[Records for processing]

(* Let $F$ be a field of characteristic zero. Every derivation of the Lie algebra $W^*(1,0)$ can be written as a sum of an inner derivation and a scalar derivation.
   Context: $W^*(1,0)$ is the Lie algebra over $F$ with basis $\{e^{ax}x^i\partial: a\in\mathbb Z, i\in\mathbb N\}$ ($\mathbb N$ the nonnegative integers), viewed as vector fields $f\partial$ with $f$ in the $F$-algebra $F[e^{\pm x},x]$ (basis $e^{ax}x^i$, multiplication adding exponents, $\partial(e^{ax}x^i)=ae^{ax}x^i+ie^{ax}x^{i-1}$), with bracket $[f\partial,g\partial]=(f\partial(g)-g\partial(f))\partial$. A derivation of a Lie algebra $L$ is a linear map $D:L\to L$ with $D([l_1,l_2])=[D(l_1),l_2]+[l_1,D(l_2)]$. A derivation $D$ is a scalar derivation if for every basis element $l$ (here $l=e^{ax}x^i\partial$) one has $D(l)=f_l\,l$ for some scalar $f_l\in F$ depending on $l$. *)

(* with multinomials' monoid algebra {malg F[K]} used as the
   space of finitely supported F-valued functions on K = Z x N. *)
From HB Require Import structures.
From mathcomp Require Import all_boot all_order all_algebra.
From mathcomp Require Import finmap monalg.
Set Implicit Arguments. Unset Strict Implicit. Unset Printing Implicit Defensive.
Import Order.TTheory GRing.Theory Num.Theory.
Local Open Scope ring_scope.

(* Index set of the basis: e^{ax} x^i  <->  (a, i), a : int, i : nat. *)
Definition W_index := (int * nat)%type.

(* F[e^{+-x}, x] as an F-vector space with basis e^{ax}x^i; the Lie algebra
   W^*(1,0) = { f d : f in F[e^{+-x},x] } is identified with it via f d <-> f. *)
Definition Wstar (F : fieldType) := {malg F[W_index]}.

Definition ebasis (F : fieldType) (a : int) (i : nat) : Wstar F := << (a, i) >>.

(* Multiplication of F[e^{+-x},x]: e^{ax}x^i * e^{bx}x^j = e^{(a+b)x}x^{i+j},
   extended bilinearly. *)
Definition Wmul (F : fieldType) (f g : Wstar F) : Wstar F :=
  \sum_(k <- msupp f) \sum_(l <- msupp g)
     (f@_k * g@_l) *: (<< (k.1 + l.1, (k.2 + l.2)%N) >> : Wstar F).

(* d(e^{ax}x^i) = a e^{ax}x^i + i e^{ax}x^{i-1}, extended linearly
   (for i = 0 the second term has coefficient 0). *)
Definition Wder (F : fieldType) (f : Wstar F) : Wstar F :=
  \sum_(k <- msupp f)
     f@_k *: ((k.1)%:~R *: (<< k >> : Wstar F)
              + (k.2)%:R *: (<< (k.1, (k.2).-1) >> : Wstar F)).

(* Lie bracket [f d, g d] = (f d(g) - g d(f)) d. *)
Definition Wbracket (F : fieldType) (f g : Wstar F) : Wstar F :=
  Wmul f (Wder g) - Wmul g (Wder f).

Definition is_linear_map (F : fieldType) (D : Wstar F -> Wstar F) : Prop :=
  forall (c : F) (x y : Wstar F), D (c *: x + y) = c *: D x + D y.

Definition is_derivation (F : fieldType) (D : Wstar F -> Wstar F) : Prop :=
  is_linear_map D /\
  forall x y : Wstar F, D (Wbracket x y) = Wbracket (D x) y + Wbracket x (D y).

Definition ad (F : fieldType) (u : Wstar F) : Wstar F -> Wstar F :=
  fun x => Wbracket u x.

Definition is_scalar_derivation (F : fieldType) (D : Wstar F -> Wstar F) : Prop :=
  is_derivation D /\
  forall (a : int) (i : nat), exists c : F, D (ebasis F a i) = c *: ebasis F a i.

From HB Require Import structures.
From mathcomp Require Import all_boot all_order all_algebra.
From mathcomp Require Import finmap monalg.
From mathcomp Require Import ring zify.
Import GRing.Theory.
Local Open Scope ring_scope.
Set Implicit Arguments. Unset Strict Implicit.

(* W^*(1,0) is the Lie algebra attached to the commutative algebra
   A = F[e^{+-x}, x] and its derivation d by [f, g] = f d(g) - g d(f).
   In characteristic zero d is onto and the kernel of d - a is F e^{ax}.
   Since ad 1 = d, subtracting from a derivation D the inner derivation ad u
   with d(u) = -D(1) makes it vanish at 1, hence commute with d; then its
   value at x lies in ker d = F, and subtracting ad c kills x as well.
   A derivation S vanishing at 1 and x commutes with d and with ad x.  The
   first property makes e^{ax} an eigenvector of S, and the relation
   [x, e^{ax} x^i] = a e^{ax} x^{i+1} + (i - 1) e^{ax} x^i propagates the
   eigenvalue along i when a <> 0; for a = 0 the same two facts force
   S(x^i) = 0. *)

Section DerivationBracket.
Variables (R : comNzRingType) (A : comAlgType R) (d : {linear A -> A}).
Hypothesis d_Leibniz : forall x y, d (x * y) = d x * y + x * d y.

Definition der_bracket (x y : A) : A := x * d y - y * d x.

Definition lie_derivation (D : A -> A) : Prop :=
  linear D /\
  forall x y, D (der_bracket x y) = der_bracket (D x) y + der_bracket x (D y).

Lemma der_bracket_linear_r u : linear (der_bracket u).
Proof.
move=> c x y; rewrite /der_bracket linearPZ mulrDr mulrDl -scalerAr -scalerAl.
by rewrite scalerBr; ring.
Qed.

Lemma der_bracket_linear_l v : linear (der_bracket^~ v).
Proof.
move=> c x y; rewrite /der_bracket linearPZ mulrDr mulrDl -scalerAr -scalerAl.
by rewrite scalerBr; ring.
Qed.

Lemma der_bracketZ u c y : der_bracket u (c *: y) = c *: der_bracket u y.
Proof. exact: (GRing.semilinear_linear (der_bracket_linear_r u)).1. Qed.

Lemma der_bracket_jacobi u x y :
  der_bracket u (der_bracket x y)
  = der_bracket (der_bracket u x) y + der_bracket x (der_bracket u y).
Proof. by rewrite /der_bracket !linearB !d_Leibniz; ring. Qed.

Lemma der1 : d 1 = 0.
Proof.
have d11 := d_Leibniz 1 1; rewrite !mulr1 mul1r in d11.
by apply: (addrI (d 1)); rewrite addr0 -d11.
Qed.

Lemma der_bracket0l y : der_bracket 0 y = 0.
Proof. by rewrite /der_bracket linear0 mul0r mulr0 subrr. Qed.

Lemma der_bracket1l y : der_bracket 1 y = d y.
Proof. by rewrite /der_bracket der1 mul1r mulr0 subr0. Qed.

Lemma der_bracket1r y : der_bracket y 1 = - d y.
Proof. by rewrite /der_bracket der1 mul1r mulr0 sub0r. Qed.

Lemma lie_derivation_ad u : lie_derivation (der_bracket u).
Proof. by split; [exact: der_bracket_linear_r | exact: der_bracket_jacobi]. Qed.

Lemma lie_derivationB D1 D2 :
  lie_derivation D1 -> lie_derivation D2 -> lie_derivation (D1 \- D2).
Proof.
move=> [D1_lin D1_der] [D2_lin D2_der]; split=> [c x y|x y] /=.
  by rewrite D1_lin D2_lin scalerBr addrACA opprD.
by rewrite D1_der D2_der /der_bracket !linearB; ring.
Qed.
End DerivationBracket.

Section Char0.
Variables (F : fieldType) (charF0 : [pchar F] =i pred0).

Lemma pchar0_natrS_neq0 n : n.+1%:R != 0 :> F.
Proof. by rewrite (pcharf0P _).1. Qed.

Lemma pchar0_intr_eq0 (a : int) : (a%:~R == 0 :> F) = (a == 0).
Proof.
case: a => n; first by rewrite (pcharf0P _).1.
by rewrite NegzE mulrNz oppr_eq0 (pcharf0P _).1.
Qed.
End Char0.

(* [m a i] plays the role of e^{ax} x^i; the hypotheses below are all that
   the argument uses about F[e^{+-x}, x] and its derivation. *)
Section WittTypeAlgebra.
Variables (F : fieldType) (A : comAlgType F) (d : {linear A -> A}).
Variable m : int -> nat -> A.
Hypotheses (m00 : m 0 0 = 1)
  (m_mul : forall a i b j, m a i * m b j = m (a + b) (i + j))
  (d_m : forall a i, d (m a i) = a%:~R *: m a i + i%:R *: m a i.-1)
  (m_ind : forall P : A -> Prop,
     P 0 -> (forall c a i x, P x -> P (c *: m a i + x)) -> forall x, P x).

Lemma derM_mm a i b j :
  d (m a i * m b j) = d (m a i) * m b j + m a i * d (m b j).
Proof.
rewrite m_mul !d_m mulrDl mulrDr -!scalerAl -!scalerAr !m_mul.
have -> : i%:R *: m (a + b) (i.-1 + j) = i%:R *: m (a + b) (i + j).-1.
  by case: i => [|i]; rewrite ?scale0r.
have -> : j%:R *: m (a + b) (i + j.-1) = j%:R *: m (a + b) (i + j).-1.
  by case: j => [|j]; rewrite ?scale0r // addnS.
by rewrite intrD natrD !scalerDl addrACA.
Qed.

Lemma derM_m a i y : d (m a i * y) = d (m a i) * y + m a i * d y.
Proof.
elim/m_ind: y => [|c b j y IHy]; first by rewrite !(mulr0, linear0) addr0.
have -> : m a i * (c *: m b j + y) = c *: (m a i * m b j) + m a i * y.
  by rewrite mulrDr scalerAr.
by rewrite !linearPZ derM_mm IHy !mulrDr scalerDr -!scalerAr addrACA.
Qed.

Lemma derM x y : d (x * y) = d x * y + x * d y.
Proof.
elim/m_ind: x => [|c a i x IHx]; first by rewrite !(mul0r, linear0) addr0.
have -> : (c *: m a i + x) * y = c *: (m a i * y) + x * y.
  by rewrite mulrDl scalerAl.
by rewrite !linearPZ derM_m IHx !mulrDl scalerDr !scalerAl addrACA.
Qed.

Hypotheses (charF0 : [pchar F] =i pred0)
  (d_eigen : forall b z, d z = b%:~R *: z -> exists c, z = c *: m b 0).
(* Let $\widehat{\zeta}_1,\dots,\widehat{\zeta}_N\in\mathbb{R}$, $\widehat{\mathbb{P}}_N=\frac1N\sum_{i=1}^N\delta_{\widehat{\zeta}_i}$, $\eta\in\mathbb{R}$, $\bar\zeta=\frac1N\sum_{i=1}^N\widehat{\zeta}_i$ and $\widehat\sigma^2=\frac1N\sum_{i=1}^N(\widehat{\zeta}_i-\eta)^2$. Let $\varepsilon>0$ with $\varepsilon^2\ge(\bar\zeta-\eta)^2$. Then $$\sup\Big\{\mathbb{E}_{\mathbb{Q}}[(\zeta-\eta)^2]:\ \mathbb{Q}\in\mathcal{P}_2(\mathbb{R}),\ W_2(\mathbb{Q},\widehat{\mathbb{P}}_N)\le\varepsilon,\ \mathbb{E}_{\mathbb{Q}}[\zeta]=\eta\Big\}=\Big(\sqrt{\widehat\sigma^2-(\bar\zeta-\eta)^2}+\sqrt{\varepsilon^2-(\bar\zeta-\eta)^2}\Big)^2.$$
   Context: $\mathcal{P}_2(\mathbb{R})$ is the set of Borel probability measures on $\mathbb{R}$ with finite second moment, and $W_2(\mu,\nu)=(\inf_\Pi\int|s-t|^2\,\Pi(ds,dt))^{1/2}$, the infimum over couplings $\Pi$ of $\mu$ and $\nu$. *)

From HB Require Import structures.
From mathcomp Require Import all_boot all_order all_algebra.
From mathcomp Require Import all_classical all_reals all_analysis.
Set Implicit Arguments. Unset Strict Implicit. Unset Printing Implicit Defensive.
Import Order.TTheory GRing.Theory Num.Theory.
Import numFieldNormedType.Exports.
Local Open Scope classical_set_scope.
Local Open Scope ring_scope.
Local Open Scope ereal_scope.
Lemma unitary_phase_l (d : basis m -> CC) (U : op m) :
  (forall i, `|d i| = 1) -> unitary U -> unitary (fun i j => d i * U i j).
Proof.
move=> d1 unitU i j.
under eq_bigr do rewrite rmorphM mulrACA.
rewrite -mulr_sumr unitU; have [-> | _] := eqVneq i j; last by rewrite mulr0.
by rewrite -normCK d1 expr1n mulr1.
Qed.

Lemma unitary_phase_r (d : basis m -> CC) (U : op m) :
  (forall j, `|d j| = 1) -> unitary U -> unitary (fun i j => U i j * d j).
Proof.
move=> d1 unitU i j; rewrite -unitU; apply: eq_bigr => q _.
by rewrite rmorphM mulrACA -normCK d1 expr1n mulr1.
Qed.

Lemma unitary_perm_l (p : basis m -> basis m) (U : op m) :
  injective p -> unitary U -> unitary (fun i j => U (p i) j).
Proof. by move=> p_inj unitU i j; rewrite unitU (inj_eq p_inj). Qed.

Lemma apply_op_delta (U : op m) b : apply_op U (fun q => (q == b)%:R) =1 U^~ b.
Proof. by move=> i; rewrite /apply_op; under eq_bigr do rewrite mulrC; apply: sum_delta. Qed.

End Unitaries.

Section Walsh.
Variable k : nat.
Implicit Types a b g : {ffun 'I_k -> bool}.

Definition walsh a g : CC := \prod_(r < k) (-1) ^+ (a r && g r).

Lemma walshC a g : walsh a g = walsh g a.
Proof. by apply: eq_bigr => r _; rewrite andbC. Qed.

Lemma walsh0 g : walsh [ffun=> false] g = 1.
Proof. by apply: big1 => r _; rewrite ffunE. Qed.

Lemma conj_walsh a g : (walsh a g)^* = walsh a g.
Proof. by rewrite rmorph_prod; apply: eq_bigr => r _; rewrite rmorph_sign. Qed.

Lemma walshM a b g : walsh a g * walsh b g = walsh [ffun r => a r (+) b r] g.
Proof.
rewrite -big_split; apply: eq_bigr => r _ /=; rewrite ffunE -signr_addb.
by case: (g r); rewrite ?andbT ?andbF.
Qed.
Lemma forest_matrixE : Omega = M.
Proof.
have [unitL _] := mulmx1_unit laplacian_mul_Exp_omega_hat.
by rewrite /forest_matrix -[RHS](mulKmx unitL) laplacian_mul_Exp_omega_hat mulmx1.
Qed.

Lemma Exp_omega_hat x y : Exp e (omega_hat R x y) = Omega x y.
Proof. by rewrite forest_matrixE mxE. Qed.

Lemma forest_matrix_ge0 x y : 0 <= Omega x y.
Proof. by rewrite -Exp_omega_hat Exp_omega_hat_root_count divr_ge0 ?ler0n. Qed.

Lemma forest_matrix_in_neighbors x y : x != y ->
  \sum_(k | e k y) Omega x k = d y * Omega x y.
Proof.
move=> ne_xy; have /matrixP/(_ x y) := mulmx1C laplacian_mul_Exp_omega_hat.
rewrite -forest_matrixE !mxE (negbTE ne_xy).
under eq_bigr => k _ do rewrite one_add_laplacianE mulrBr.
rewrite sumrB (sum_natb_mulr (e^~ y)) (bigD1 y) //= eqxx big1 ?addr0 => [|k /negbTE ->].
  by move/eqP; rewrite mul1r subr_eq0 mulrC => /eqP.
by rewrite !mul0r mulr0.
Qed.
End ForestMatrix.

Section Estimators.
Variables (R : realFieldType) (n : nat) (e : rel 'I_n) (i j : 'I_n).
Hypotheses (e_irrefl : irreflexive e) (ne_ij : i != j).

Local Notation Omega := (forest_matrix R e).
Local Notation d := (1 + (outdeg e j)%:R : R).

Lemma omega_tildeE F : omega_tilde R e i j F = d^-1 * (e (froot F i) j)%:R.
Proof.
congr (_ * _); rewrite big_mkcond (bigD1 (froot F i)) //= big1 => [|k ne_k].
  by rewrite /omega_hat eqxx addr0; case: (e _ j).
by rewrite /omega_hat eq_sym (negbTE ne_k); case: (e k j).
Qed.

Lemma Exp_omega_tilde : Exp e (omega_tilde R e i j) = Omega i j.
Proof.
rewrite /omega_tilde ExpMl Exp_sum.
under eq_bigr => k _ do rewrite Exp_omega_hat //.
by rewrite forest_matrix_in_neighbors // mulKf // lt0r_neq0 // ltr_wpDr.
Qed.

Lemma Exp_omega_tilde_sqr :
  Exp e (fun F => omega_tilde R e i j F ^+ 2) = Omega i j / d.
Proof.
under eq_Exp => F _ do rewrite omega_tildeE sqr_mul_natb -omega_tildeE.
by rewrite ExpMl Exp_omega_tilde mulrC.
Qed.

Lemma Exp_omega_hat_sqr : Exp e (fun F => omega_hat R i j F ^+ 2) = Omega i j.
Proof.
under eq_Exp => F _ do rewrite -[omega_hat _ _ _ _]mul1r sqr_mul_natb !mul1r.
exact: Exp_omega_hat.
Qed.

Lemma Var_omega_tilde : Var e (omega_tilde R e i j) = Omega i j / d - Omega i j ^+ 2.
Proof. by rewrite /Var Exp_omega_tilde_sqr Exp_omega_tilde. Qed.

Lemma Var_omega_hat : Var e (omega_hat R i j) = Omega i j - Omega i j ^+ 2.
Proof. by rewrite /Var Exp_omega_hat_sqr Exp_omega_hat. Qed.
End Estimators.

Theorem lemma4p1 (R : realFieldType) (n : nat) (e : rel 'I_n) (i j : 'I_n) :
  simple_digraph e -> i != j ->
  let Omega := forest_matrix R e in
  [/\ Exp e (omega_tilde R e i j) = Omega i j,
      Var e (omega_tilde R e i j) =
        Omega i j / (1 + (outdeg e j)%:R) - (Omega i j) ^+ 2
    & Var e (omega_tilde R e i j) <= Var e (omega_hat R i j)].
Proof.
move=> e_irrefl ne_ij Omega.
split; [exact: Exp_omega_tilde | exact: Var_omega_tilde |].
rewrite Var_omega_tilde // Var_omega_hat // lerD2r.
by rewrite ler_pdivrMr ?ler_peMr ?forest_matrix_ge0 ?lerDl ?ltr_wpDr.
Qed.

[Task prompt] Would you retype the lines above from the one with "Variables (F : fieldType) (A" down to the one with "Lemma derM_mm a", word for word, both ends included and no other lines?

[Exercise response]
Variables (F : fieldType) (A : comAlgType F) (d : {linear A -> A}).
Variable m : int -> nat -> A.
Hypotheses (m00 : m 0 0 = 1)
  (m_mul : forall a i b j, m a i * m b j = m (a + b) (i + j))
  (d_m : forall a i, d (m a i) = a%:~R *: m a i + i%:R *: m a i.-1)
  (m_ind : forall P : A -> Prop,
     P 0 -> (forall c a i x, P x -> P (c *: m a i + x)) -> forall x, P x).

Lemma derM_mm a i b j :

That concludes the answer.